Доклад
В комнате было душно от множества людей. Сама комната белая, чистая, просторная, с черным столом посередине, но люди так густо набились в нее, что она вмиг сжалась и показалась меньше, чем была. На столе не осталось свободного места от устилавших его бумаг; бумаги и графики висели и на вмонтированной в стену доске, схожей со школьной.
А за широким окном лежал город в апреле, с его выскобленными газонами, подметенными улицами и пятнами льда в тенях домов. Утренний воздух был тонким, как паутина, пах дымом костров; вонь и пыль придут позже, когда солнце нагреет асфальт.

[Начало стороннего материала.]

(* Let $A<\mathbb{R}$ be any subring and let $p\in\mathbb{P}^1\setminus\{\infty\}$. Then $\mathrm{PSL}_2(A)\cdot p\subseteq\{\infty\}\cup H(A)\cdot p$. Consequently, the orbit equivalence relations induced by the actions of $\mathrm{PSL}_2(A)$ and of $H(A)$ on $\mathbb{P}^1$ coincide when restricted to $\mathbb{P}^1\setminus\{\infty\}$.
   Context: Let $\mathbb{P}^1=\mathbb{P}^1(\mathbb{R})$ with its usual topology (a circle) and the natural action of $\mathrm{PSL}_2(\mathbb{R})$. Let $G$ be the group of homeomorphisms of $\mathbb{P}^1$ which are piecewise in $\mathrm{PSL}_2(\mathbb{R})$ with finitely many pieces, each an interval. Let $\infty\in\mathbb{P}^1$ correspond to the first basis vector of $\mathbb{R}^2$ and $H<G$ its stabilizer. For a subring $A<\mathbb{R}$, $P_A$ is the set of fixed points of hyperbolic elements (trace of absolute value $>2$) of $\mathrm{PSL}_2(A)$, $G(A)$ is the subgroup of $G$ of elements piecewise in $\mathrm{PSL}_2(A)$ with all interval endpoints in $P_A$, and $H(A)=G(A)\cap H$. *)

From HB Require Import structures.
From mathcomp Require Import all_boot all_order all_algebra.
From mathcomp Require Import reals.
Set Implicit Arguments. Unset Strict Implicit. Unset Printing Implicit Defensive.
Import Order.TTheory GRing.Theory Num.Theory.
Local Open Scope ring_scope.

Однако никому из присутствующих не пришло в голову встать и открыть окно, впустив свежесть; они глотали теплую духоту, с которой не справлялся кондиционер, молчали и внимательно слушали двух человек.
Двое, мужчина и женщина, стояли у доски. Доклад вел мужчина, доктор Лисовский. Все люди, сидящие за столом и перебирающие бумаги, знали его имя – они познакомились с доктором заочно, разыскав в сети фотографии Лисовского и вглядевшись в моложавое безбородое лицо с тонким, чуть горбатым носом, с карими умными глазами. Фотографии мертво передали запечатленный в них момент; в действительности же Лисовский оказался человеком, в котором не умер мальчишка. Детство жило в нем, отражаясь, словно в зеркале, в карих с золотом глазах, в лукавой мефистофельской улыбке. Лисовский был стремительным, как пламя верхового пожара, он говорил, объяснял, изредка умолкая, и взглядом предлагал женщине что-то пояснить; она подхватывала мысль и толково вела ее дальше, отвечая на вопросы, до нового витка в разговоре. Эти двое работали слаженно, как кони в упряжке, и каждый из них дополнял то, что хотел сказать другой.
читать дальшеЖенщину звали Луиза Бангкок. «Бангкок - мой лучший помощник, правая моя рука. Она вынуждена все время находиться в тени Лисовского, но ничуть не тяготиться этим. Меня можно назвать номером первым, а ее - вторым», - пояснил всем Лисовский в начале встречи. Луиза серьезными ясными глазами смотрела на собеседника и протягивала ладонь; с ней здоровались. Ее имя тоже читали в сети рядом с именем доктора; «Л.Ф. Бангкок, ассистент» – но мало кто обратил внимания на никчемную строчку.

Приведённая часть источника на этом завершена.